The prevalence of circumcision is the percentage of males in a given population who have been circumcised, with the procedure most commonly being performed as a part of prophylactic healthcare, a religious obligation, or cultural practice. Yosha & Bolnick & Koyle (2012) states that the global incidence of circumcision has risen and seems likely to continue to do so during the "first half of the twenty-first century". 

Since 2010, both the World Health Organization and Joint United Nations Programme on HIV/AIDS have been promoting a higher rate of international circumcision prevalence as a prophylaxis against HIV transmission and other pathological conditions, specifically in areas with high HIV transmission and low circumcision rates. According to Hay & Levin, 2012, around 50% of all circumcisions worldwide are performed for reasons of prophylactic healthcare, while the other 50% are predominately performed for religious or cultural reasons.

Overview

Present 
Rates vary widely, from over 90% in Israel and many Muslim-majority countries, 86.3% in South Korea, to 80% in the United States, to 58% in Australia, to 45% in South Africa, to 20.7% in the United Kingdom, to under 1% in Japan and Honduras. 

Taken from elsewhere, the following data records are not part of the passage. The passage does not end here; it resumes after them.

(* Let $M=\{M_\gamma\}_{\gamma\in\Gamma}$ and $N=\{N_\omega\}_{\omega\in\Omega}$ be defining families of functions on $\mathbb R^{k_1}$ and $\mathbb R^{k_2}$ respectively, and let $h\in\mathcal K(M\otimes N)$. Suppose $N$ satisfies: (I) for every $\omega\in\Omega$ there exist $\omega'\in\Omega$ and a bounded integrable nonnegative function $L$ on $\mathbb R^{k_2}$ with $N_\omega\le LN_{\omega'}$ and $L(y)\to0$ as $|y|\to\infty$; (II) for every $\omega\in\Omega$ there exist $\omega'\in\Omega$, a neighborhood $B$ of the origin in $\mathbb R^{k_2}$ and $C>0$ with $N_\omega(y)\le CN_{\omega'}(y+y')$ for all $y\in\mathbb R^{k_2}$, $y'\in B$. Then $h(x,\cdot)\in\mathcal K(N)$ for every $x\in\mathbb R^{k_1}$, and for every $v\in\mathcal K'(N)$ the function $h_v(x)=\langle v,h(x,\cdot)\rangle$ belongs to $\mathcal K(M)$. Moreover, for every multi-index $\mu\in\mathbb Z_+^{k_1}$, $\partial^\mu h_v(x)=\langle v,\partial^\mu_x h(x,\cdot)\rangle$.
   Context: A defining family of functions on $\mathbb R^k$ is a family $M=\{M_\gamma\}_{\gamma\in\Gamma}$ of nonnegative measurable functions on $\mathbb R^k$, each bounded on bounded subsets of $\mathbb R^k$, such that: (a) for all $\gamma_1,\gamma_2\in\Gamma$ there are $\gamma\in\Gamma$ and $C>0$ with $M_\gamma\ge C(M_{\gamma_1}+M_{\gamma_2})$; (b) there is a countable $\Gamma'\subset\Gamma$ such that for every $\gamma\in\Gamma$ there are $\gamma'\in\Gamma'$ and $C>0$ with $CM_\gamma\le M_{\gamma'}$; (c) for every $x\in\mathbb R^k$ there are $\gamma\in\Gamma$, a neighborhood $O(x)$ of $x$ and $C>0$ with $M_\gamma(x')\ge C$ for all $x'\in O(x)$. $\mathcal K(M)$ is the space of smooth functions $f$ on $\mathbb R^k$ with finite seminorms $\|f\|_{\gamma,m}=\sup_{x\in\mathbb R^k,|\mu|\le m}M_\gamma(x)|\partial^\mu f(x)|$ for all $\gamma\in\Gamma$, $m\in\mathbb Z_+$, topologized by these seminorms; $\mathcal K'(N)$ is the continuous dual of $\mathcal K(N)$ and $\langle\cdot,\cdot\rangle$ the dual pairing. $M\otimes N$ is the family $\{(M\otimes N)_{\gamma\omega}\}_{(\gamma,\omega)\in\Gamma\times\Omega}$ on $\mathbb R^{k_1+k_2}$ given by $(M\otimes N)_{\gamma\omega}(x,y)=M_\gamma(x)N_\omega(y)$ (it is a defining family on $\mathbb R^{k_1+k_2}$). *)

From HB Require Import structures.
From mathcomp Require Import all_boot all_order all_algebra.
From mathcomp Require Import all_classical all_reals all_analysis.
Set Implicit Arguments. Unset Strict Implicit. Unset Printing Implicit Defensive.
Import Order.TTheory GRing.Theory Num.Theory.
Import numFieldNormedType.Exports.
Local Open Scope classical_set_scope.
Local Open Scope ring_scope.

Section Defs.
Variable R : realType.

Definition ev (k : nat) (i : 'I_k) : 'rV[R]_k := delta_mx 0 i.

Definition pdiff (k : nat) (i : 'I_k) (f : 'rV[R]_k -> R) : 'rV[R]_k -> R :=
  fun x => 'D_(ev i) f x.

Fixpoint diter (k : nat) (s : seq 'I_k) (f : 'rV[R]_k -> R) : 'rV[R]_k -> R :=
  match s with
  | [::] => f
  | i :: s' => pdiff i (diter s' f)
  end.

Definition mindex (k : nat) := 'I_k -> nat.
Definition msize (k : nat) (mu : mindex k) : nat := (\sum_(i < k) mu i)%N.
Definition pderiv (k : nat) (mu : mindex k) (f : 'rV[R]_k -> R) : 'rV[R]_k -> R :=
  diter (flatten [seq nseq (mu i) i | i <- enum 'I_k]) f.

Definition smooth (k : nat) (f : 'rV[R]_k -> R) : Prop :=
  forall s : seq 'I_k, continuous (diter s f) /\
    forall (i : 'I_k) (x : 'rV[R]_k), derivable (diter s f) x (ev i).

Definition borel_measurable (k : nat) (f : 'rV[R]_k -> R) : Prop :=
  forall U : set R, open U -> <<s (@open 'rV[R]_k) >> (f @^-1` U).

(* Lebesgue integral over R^k of a nonnegative Borel function, written as the
   iterated one-dimensional Lebesgue integral (Tonelli). *)
Fixpoint iterint (n : nat) (F : seq R -> \bar R) : \bar R :=
  match n with
  | O => F [::]
  | n'.+1 => (\int[@lebesgue_measure R]_t iterint n' (fun s => F (t :: s)))%E
  end.
Definition vec_of_seq (k : nat) (s : seq R) : 'rV[R]_k := \row_i nth 0 s i.
Definition integral_Rk (k : nat) (f : 'rV[R]_k -> R) : \bar R :=
  iterint k (fun s => (f (vec_of_seq k s))%:E).

Definition defining_family (k : nat) (G : Type) (M : G -> 'rV[R]_k -> R) : Prop :=
  (forall g x, 0 <= M g x) /\
  (forall g, borel_measurable (M g)) /\
  (forall g (r : R), exists B : R, forall x, `|x| <= r -> M g x <= B) /\
  (forall g1 g2, exists g (C : R), 0 < C /\ forall x, C * (M g1 x + M g2 x) <= M g x) /\
  (exists G' : set G, countable G' /\
     forall g, exists2 g', G' g' & exists C : R, 0 < C /\ forall x, C * M g x <= M g' x) /\
  (forall x : 'rV[R]_k, exists g (C : R), 0 < C /\ \forall x' \near x, C <= M g x').

Definition seminorm (k : nat) (G : Type) (M : G -> 'rV[R]_k -> R) (g : G) (m : nat)
    (f : 'rV[R]_k -> R) : \bar R :=
  ereal_sup [set r | exists (x : 'rV[R]_k) (mu : mindex k),
     (msize mu <= m)%N /\ r = (M g x * `|pderiv mu f x|)%:E].

Definition inK (k : nat) (G : Type) (M : G -> 'rV[R]_k -> R) (f : 'rV[R]_k -> R) : Prop :=
  smooth f /\ forall g m, (seminorm M g m f < +oo)%E.

(* v is an element of K'(M): a linear functional on K(M), continuous for the
   locally convex topology generated by the seminorms ||.||_{g,m}, i.e. bounded
   by a constant times the maximum of finitely many of these seminorms. *)
Definition in_dual (k : nat) (G : Type) (M : G -> 'rV[R]_k -> R)
    (v : ('rV[R]_k -> R) -> R) : Prop :=
  (forall (a : R) f1 f2, inK M f1 -> inK M f2 ->
      v (fun y => a * f1 y + f2 y) = a * v f1 + v f2) /\
  (exists (s : seq (G * nat)) (C : R), 0 <= C /\
      forall f, inK M f ->
        ((`|v f|)%:E <= C%:E * \big[Order.max/0%E]_(p <- s) seminorm M p.1 p.2 f)%E).

Definition tensor_family (k1 k2 : nat) (G O : Type)
    (M : G -> 'rV[R]_k1 -> R) (N : O -> 'rV[R]_k2 -> R) :
    G * O -> 'rV[R]_(k1 + k2) -> R :=
  fun p z => M p.1 (lsubmx z) * N p.2 (rsubmx z).

Definition condI (k : nat) (O : Type) (N : O -> 'rV[R]_k -> R) : Prop :=
  forall w, exists w' (L : 'rV[R]_k -> R),
    (forall y, 0 <= L y) /\ borel_measurable L /\
    (exists B : R, forall y, L y <= B) /\
    (integral_Rk L < +oo)%E /\
    (forall y, N w y <= L y * N w' y) /\
    (forall eps : R, 0 < eps -> exists r : R, forall y, r < `|y| -> L y < eps).

Definition condII (k : nat) (O : Type) (N : O -> 'rV[R]_k -> R) : Prop :=
  forall w, exists w' (B : set 'rV[R]_k) (C : R),
    nbhs (0 : 'rV[R]_k) B /\ 0 < C /\
    forall y y', B y' -> N w y <= C * N w' (y + y').

End Defs.

(* Fix x. By (c) there are g and C > 0 with M_g >= C near x, so the bounds
   M_g(x') N_w(y) |d h(x',y)| <= S that h in K(M (x) N) provides become bounds
   N_w(y) |d h(x',y)| <= S / C, uniform in y and in x' near x.  A functional v in K'(N) is dominated by finitely
   many seminorms ||.||_{w,m}; applied to the second order Taylor remainder of
   h in the direction e_i this gives
     |t^-1 (h_v(x + t e_i) - h_v(x)) - <v, d_i h(x,.)>| = O(|t|),
   so d_i h_v = (d_i h)_v, and applied to the first order increment (taken one
   coordinate at a time) it gives continuity of h_v.  Iterating, h_v is smooth
   with d^mu h_v = <v, d^mu_x h(x,.)>, and M_g(x) |d^mu h_v(x)| is bounded by a
   multiple of sup M_g N_w |d h|. *)

From HB Require Import structures.
From mathcomp Require Import all_boot all_order all_algebra.
From mathcomp Require Import all_classical all_reals all_analysis.
From mathcomp.algebra_tactics Require Import ring lra.
Set Implicit Arguments.
Unset Strict Implicit.
Unset Printing Implicit Defensive.
Import Order.TTheory GRing.Theory Num.Theory.
Import numFieldNormedType.Exports.
Local Open Scope classical_set_scope.
Local Open Scope ring_scope.

Section AffineComposition.
Variables (R : numFieldType) (U V W : normedModType R).
Variables (g : V -> W) (phi : U -> V) (a e : U) (E : V).
Hypothesis phi_affine : forall t : R, phi (t *: e + a) = t *: E + phi a.

Let quotient_comp_affine :
  (fun t : R => t^-1 *: (((g \o phi) \o shift a) (t *: e) - (g \o phi) a)) =
  (fun t : R => t^-1 *: ((g \o shift (phi a)) (t *: E) - g (phi a))).
Proof. by apply/funext => t /=; rewrite /shift phi_affine. Qed.

Lemma derive_comp_affine : 'D_e (g \o phi) a = 'D_E g (phi a).
Proof. by rewrite /derive quotient_comp_affine. Qed.

Lemma derivable_comp_affine : derivable (g \o phi) a e = derivable g (phi a) E.
Proof. by rewrite /derivable quotient_comp_affine. Qed.

End AffineComposition.

Section Lines.
Variables (R : numFieldType) (V W : normedModType R) (f : V -> W) (z E : V).

Lemma derive_along_line (s : R) :
  'D_1 (fun t : R => f (z + t *: E)) s = 'D_E f (z + s *: E).
Proof. by apply: derive_comp_affine => t; rewrite /= scaler1 scalerDl addrCA. Qed.

Lemma derivable_along_line (s : R) :
  derivable f (z + s *: E) E -> derivable (fun t : R => f (z + t *: E)) s 1.
Proof.
rewrite -(@derivable_comp_affine _ _ _ _ f (fun t : R => z + t *: E) s 1 E) // => t.
by rewrite /= scaler1 scalerDl addrCA.
Qed.

End Lines.

Section MeanValue.
Variable R : realType.

Lemma mean_value_le (phi : R -> R) (t B : R) :
  (forall s, derivable phi s 1) ->
  (forall s, `|s| <= `|t| -> `|'D_1 phi s| <= B) ->
  `|phi t - phi 0| <= B * `|t|.
Proof.
move=> dphi bnd.
have mvt a b : a <= b ->
    exists2 c, c \in `[a, b] & phi b - phi a = 'D_1 phi c * (b - a).
  move=> ab; apply: MVT_segment ab _ _ => [x _|]; first exact/derivableP.
  by apply: derivable_within_continuous => x _; exact: dphi.
have [t0|t0] := leP 0 t.
  have [c] := mvt 0 t t0; rewrite in_itv /= => /andP[c0 ct] ->.
  by rewrite subr0 normrM (ger0_norm t0) ler_wpM2r // bnd // !ger0_norm.
have [c] := mvt t 0 (ltW t0); rewrite in_itv /= => /andP[tc c0] Et.
rewrite distrC Et sub0r normrM normrN ler_wpM2r // bnd //.
by rewrite (ler0_norm c0) (ltr0_norm t0) lerN2.
Qed.

Lemma weighted_mean_value_le (phi : R -> R) (c t B : R) : 0 <= c ->
  (forall s, derivable phi s 1) ->
  (forall s, `|s| <= `|t| -> c * `|'D_1 phi s| <= B) ->
  c * `|phi t - phi 0| <= B * `|t|.
Proof.
move=> c0 dphi bnd.
have B0 : 0 <= B by apply: le_trans (bnd 0 _); rewrite ?normr0 ?mulr_ge0.
have [->|cn0] := eqVneq c 0; first by rewrite mul0r mulr_ge0.
have cp : 0 < c by rewrite lt_def cn0 c0.
rewrite -ler_pdivlMl // mulrA; apply: mean_value_le => // s st.
by rewrite ler_pdivlMl // bnd.
Qed.

End MeanValue.

Section AlongLine.
Variables (R : realType) (V : normedModType R) (f : V -> R) (z E : V).
Hypothesis df : forall s : R, derivable f (z + s *: E) E.

Lemma mean_value_along (t : R) : 0 <= t ->
  exists2 c, 0 <= c <= t & f (z + t *: E) - f z = 'D_E f (z + c *: E) * t.
Proof.
move=> t0.
have dphi (r : R) : derivable (fun s : R => f (z + s *: E)) r 1.
  exact: derivable_along_line.
have [c] := MVT_segment t0 (fun r _ => derivableP (dphi r))
  (derivable_within_continuous (fun r _ => dphi r)).
by rewrite in_itv /= scale0r addr0 subr0 derive_along_line => ct ->; exists c.
Qed.

Lemma increment_le_along (c t B : R) : 0 <= c ->
  (forall s, `|s| <= `|t| -> c * `|'D_E f (z + s *: E)| <= B) ->
  c * `|f (z + t *: E) - f z| <= B * `|t|.
Proof.
move=> c0 bnd.
have dphi (r : R) : derivable (fun s : R => f (z + s *: E)) r 1.
  exact: derivable_along_line.
have := weighted_mean_value_le c0 dphi.
by rewrite /= scale0r addr0; apply=> s st; rewrite derive_along_line bnd.
Qed.

End AlongLine.

Lemma taylor_remainder_le_along (R : realType) (V : normedModType R) (f : V -> R)
    (z E : V) (c t B : R) :
  (forall s : R, derivable f (z + s *: E) E) ->
  (forall s : R, derivable ('D_E f) (z + s *: E) E) -> 0 <= c ->
  (forall s, `|s| <= `|t| -> c * `|'D_E ('D_E f) (z + s *: E)| <= B) ->
  c * `|f (z + t *: E) - f z - t * 'D_E f z| <= B * (`|t| * `|t|).
Proof.
move=> df ddf c0 bnd.
have B0 : 0 <= B by apply: le_trans (bnd 0 _); rewrite ?normr0 ?mulr_ge0.
set a := 'D_E f z.
pose phi := (fun s : R => f (z + s *: E)) - a \*: (@id R).
have Dphi s : 'D_1 phi s = 'D_E f (z + s *: E) - a.
  have := is_deriveB (derivableP (derivable_along_line (df s)))
    (is_deriveZ a (is_derive_id s 1)).
  move=> isd; rewrite isd.(derive_val) derive_along_line.
  by congr (_ - _); exact: mulr1.
have -> : f (z + t *: E) - f z - t * a = phi t - phi 0.
  rewrite /phi !fctE /= scale0r addr0 scaler0 subr0 addrAC.
  by congr (_ - _ - _); exact: mulrC.
rewrite mulrA; apply: weighted_mean_value_le => // [s|s st].
  apply: derivableB; last exact: derivableZ.
  exact: derivable_along_line.
rewrite Dphi; apply: le_trans (increment_le_along ddf c0 _) _.
  by move=> r rs; apply: bnd; apply: le_trans st.
by rewrite ler_wpM2l.
Qed.

Section SecondDifference.
Variables (R : realType) (V : normedModType R) (f : V -> R) (u w : V).
Hypotheses (df : forall p, derivable f p u) (ddf : forall p, derivable ('D_u f) p w).

Lemma second_difference_mean (a : V) (t : R) : 0 <= t ->
  exists2 p, `|p - a| <= t * (`|u| + `|w|) &
    f (a + t *: u + t *: w) - f (a + t *: u) - (f (a + t *: w) - f a) =
    t * t * 'D_w ('D_u f) p.
Proof.
move=> t0.
pose g := (fun x => f (x + t *: w)) - f.
have shift_affine x (r : R) : r *: u + x + t *: w = r *: u + (x + t *: w).
  by rewrite addrA.
have dshift x : derivable (fun x => f (x + t *: w)) x u.
  by rewrite (derivable_comp_affine f (shift_affine x)).
have Dg x : 'D_u g x = 'D_u f (x + t *: w) - 'D_u f x.
  by rewrite deriveB // (derive_comp_affine f (shift_affine x)).
have dg x : derivable g x u by apply: derivableB; [exact: dshift | exact: df].
have [c c0t Ec] := mean_value_along (fun s => dg (a + s *: u)) t0.
have dDf (s : R) : derivable ('D_u f) (a + c *: u + s *: w) w by exact: ddf.
have [d d0t Ed] := mean_value_along dDf t0.
exists (a + c *: u + d *: w).
  move: c0t d0t => /andP[c0 ct] /andP[d0 dt].
  rewrite -[a + _ + _]addrA [_ - a]addrC addKr mulrDr (le_trans (ler_normD _ _)) // lerD //.
    by rewrite normrZ ger0_norm // ler_wpM2r.
  by rewrite normrZ ger0_norm // ler_wpM2r.
transitivity (g (a + t *: u) - g a); first by [].
by rewrite Ec Dg Ed -mulrA mulrC.
Qed.

End SecondDifference.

In 2016, the global prevalence of circumcision was estimated to be around 38%, with notable increases of circumcision prevalence seen in the United States, the Middle East; and Africa; major medical organizations have promoted a higher rate of circumcision in Africa as a preventive against the spread of HIV/AIDS. In 2020, the World Health Organization reiterated that it is an efficacious prophylactic intervention in if carried out by medical professionals under safe conditions in areas of high HIV/AIDS prevalence. The World Health Organization recommends early infant circumcision of male neonates without medical contraindications in these areas. Reliable sources differ on whether the organization takes a position in developed nations.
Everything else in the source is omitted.